======== Material supplied

(* Let $G$ be an l.c.s.c. group, $p\geq 1$, and let $B\hookrightarrow A\twoheadrightarrow A/B$ be an exact sequence of Polish Abelian groups ($B$ a closed subgroup of $A$). Then every almost type-I function $f:G^p\to A/B$ which is regular at the identity has a lift $\hat f:G^p\to A$ (i.e. $\hat f$ composed with the quotient map equals $f$) which is almost type-I and regular at the identity. If $G$ is an algebraic subgroup of some $\mathrm{GL}_n(\mathbb{R})$, the same holds with ''type-II'' in place of ''type-I''.
   Context: For $X=G^p$ with Haar measure $\mu$ and $A$ a Polish Abelian group: a map $f:X\to A$ is of type I if it is locally finite-valued and locally constant on some open set of full $\mu$-measure; almost type-I if it is a locally uniform limit (uniform on compact sets) of type-I functions. When $G\le \mathrm{GL}_n(\mathbb{R})$ is algebraic, $f$ is of type II if it is locally finite-valued with level sets agreeing locally with semi-algebraic subsets of $G^p\subseteq M_{n\times n}(\mathbb{R})^p$; almost type-II means a locally uniform limit of type-II functions. An almost type-I (resp. II) $f$ is regular at $x_0$ if it is a locally uniform limit of type-I (resp. II) functions each locally constant on a neighbourhood of $x_0$. *)

From HB Require Import structures.
From mathcomp Require Import all_boot all_order all_algebra.
From mathcomp Require Import all_classical all_reals all_analysis.

Set Implicit Arguments.
Unset Strict Implicit.
Unset Printing Implicit Defensive.

Import Order.TTheory GRing.Theory Num.Theory.
Import numFieldTopology.Exports.
Local Open Scope classical_set_scope.
Local Open Scope ring_scope.

Definition topological_group (G : topologicalType) (mul : G -> G -> G)
    (inv : G -> G) (one : G) : Prop :=
  [/\ associative mul, left_id one mul /\ right_id one mul,
      left_inverse one inv mul /\ right_inverse one inv mul,
      continuous (fun xy : G * G => mul xy.1 xy.2) & continuous inv].

Definition lcsc_group (G : topologicalType) (mul : G -> G -> G)
    (inv : G -> G) (one : G) : Prop :=
  [/\ topological_group mul inv one, hausdorff_space G,
      locally_compact [set: G] & @second_countable G].

Definition gpow (G : topologicalType) (p : nat) := {ptws 'I_p -> G}.

Definition pmul (G : topologicalType) (p : nat) (mul : G -> G -> G)
  (x y : gpow G p) : gpow G p := fun i => mul (x i) (y i).

Definition pone (G : topologicalType) (p : nat) (one : G) : gpow G p :=
  fun _ => one.

Definition borel (X : topologicalType) : set (set X) := <<s open >>.

Definition haar_measure (R : realType) (X : topologicalType)
    (mul : X -> X -> X) (mu : set X -> \bar R) : Prop :=
  [/\ mu set0 = 0%E /\ (forall E, borel E -> (0 <= mu E)%E),
      (forall F : nat -> set X, (forall k, borel (F k)) -> trivIset setT F ->
          (fun k => \sum_(0 <= i < k) mu (F i))%E @ \oo --> mu (\bigcup_k F k)),
      (forall g E, borel E -> mu (mul g @` E) = mu E),
      (forall K, compact K -> (mu K < +oo)%E)
    & (forall U, open U -> U !=set0 -> (0 < mu U)%E)].

Definition compatible_metric (R : realType) (T : topologicalType)
    (d : T -> T -> R) : Prop :=
  [/\ (forall x y, 0 <= d x y), (forall x y, d x y = 0 <-> x = y),
      (forall x y, d x y = d y x),
      (forall x y z, d x z <= d x y + d y z)
    & (forall (x : T) (U : set T),
          nbhs x U <-> exists2 e : R, 0 < e & [set y | d x y < e] `<=` U)].

Definition complete_metric (R : realType) (T : Type) (d : T -> T -> R) : Prop :=
  forall u : nat -> T,
    (forall e : R, 0 < e -> exists N, forall m k, (N <= m)%N -> (N <= k)%N ->
        d (u m) (u k) < e) ->
    exists l, forall e : R, 0 < e -> exists N, forall k, (N <= k)%N -> d (u k) l < e.

Definition polish (R : realType) (T : topologicalType) : Prop :=
  (exists D : set T, countable D /\ dense D) /\
  (exists d : T -> T -> R, compatible_metric d /\ complete_metric d).

(* q : A -> C realizes C as the quotient topological group A / ker q *)
Definition quotient_map (A C : topologicalZmodType) (q : A -> C) : Prop :=
  [/\ (forall x y, q (x - y) = q x - q y), continuous q,
      (forall c, exists a, q a = c)
    & (forall U : set A, open U -> open (q @` U))].

Section Types.
Variables (X : topologicalType) (A : topologicalZmodType).

Definition locally_finite_valued (f : X -> A) : Prop :=
  forall x : X, exists2 U, nbhs x U & finite_set (f @` U).

Definition locally_constant_on (U : set X) (f : X -> A) : Prop :=
  forall x, U x -> \forall y \near x, f y = f x.

Definition locally_uniform_limit (fs : nat -> X -> A) (f : X -> A) : Prop :=
  forall K : set X, compact K -> forall V : set A, nbhs (0 : A) V ->
    \forall k \near \oo, forall x, K x -> V (fs k x - f x).

Definition typeI (R : realType) (mu : set X -> \bar R) (f : X -> A) : Prop :=
  locally_finite_valued f /\
  exists U : set X, [/\ open U, mu (~` U) = 0%E & locally_constant_on U f].

Definition almost_regular (P : (X -> A) -> Prop) (f : X -> A) (x0 : X) : Prop :=
  exists fs : nat -> X -> A,
    (forall k, P (fs k) /\ exists2 V, nbhs x0 V & locally_constant_on V (fs k))
    /\ locally_uniform_limit fs f.

End Types.

Inductive polyfun (R : pzRingType) (I : Type) : ((I -> R) -> R) -> Prop :=
  | polyfun_const (c : R) : polyfun (fun _ => c)
  | polyfun_coord (i : I) : polyfun (fun x => x i)
  | polyfun_add P Q : polyfun P -> polyfun Q -> polyfun (fun x => P x + Q x)
  | polyfun_mul P Q : polyfun P -> polyfun Q -> polyfun (fun x => P x * Q x).

Inductive semialgebraic (R : realType) (I : Type) : set (I -> R) -> Prop :=
  | semialg_basic P : polyfun P -> semialgebraic [set x | 0 < P x]
  | semialg_compl S : semialgebraic S -> semialgebraic (~` S)
  | semialg_union S T : semialgebraic S -> semialgebraic T ->
      semialgebraic (S `|` T).

(* iota : G -> M_n(R) is an isomorphism of topological groups onto an
   algebraic subgroup of GL_n(R) *)
Definition algebraic_embedding (R : realType) (G : topologicalType)
    (mul : G -> G -> G) (n : nat) (iota : G -> 'M[R]_n) : Prop :=
  [/\ injective iota,
      (forall g h, iota (mul g h) = iota g *m iota h),
      continuous iota,
      (forall U : set G, open U ->
          exists2 W : set 'M[R]_n, open W & iota @` U = range iota `&` W)
    & exists Ps : set ((('I_n * 'I_n) -> R) -> R),
        Ps `<=` @polyfun R ('I_n * 'I_n) /\
        range iota = [set M : 'M[R]_n | M \in unitmx /\
                        forall P, Ps P -> P (fun ij => M ij.1 ij.2) = 0]].

Definition gcoords (R : realType) (G : topologicalType) (p n : nat)
    (iota : G -> 'M[R]_n) (x : gpow G p) : ('I_p * 'I_n * 'I_n) -> R :=
  fun t => iota (x t.1.1) t.1.2 t.2.

Definition typeII (R : realType) (G : topologicalType) (p n : nat)
    (iota : G -> 'M[R]_n) (A : topologicalZmodType) (f : gpow G p -> A) : Prop :=
  locally_finite_valued f /\
  forall (a : A) (x : gpow G p), exists2 V, nbhs x V &
    exists2 S : set ('I_p * 'I_n * 'I_n -> R), semialgebraic S &
      V `&` f @^-1` [set a] = V `&` [set y | S (gcoords iota y)].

================

Task statement
Copy every line from the records above that contains the word "polyfun".

Finished exercise
Inductive polyfun (R : pzRingType) (I : Type) : ((I -> R) -> R) -> Prop :=
  | polyfun_const (c : R) : polyfun (fun _ => c)
  | polyfun_coord (i : I) : polyfun (fun x => x i)
  | polyfun_add P Q : polyfun P -> polyfun Q -> polyfun (fun x => P x + Q x)
  | polyfun_mul P Q : polyfun P -> polyfun Q -> polyfun (fun x => P x * Q x).
  | semialg_basic P : polyfun P -> semialgebraic [set x | 0 < P x]
        Ps `<=` @polyfun R ('I_n * 'I_n) /\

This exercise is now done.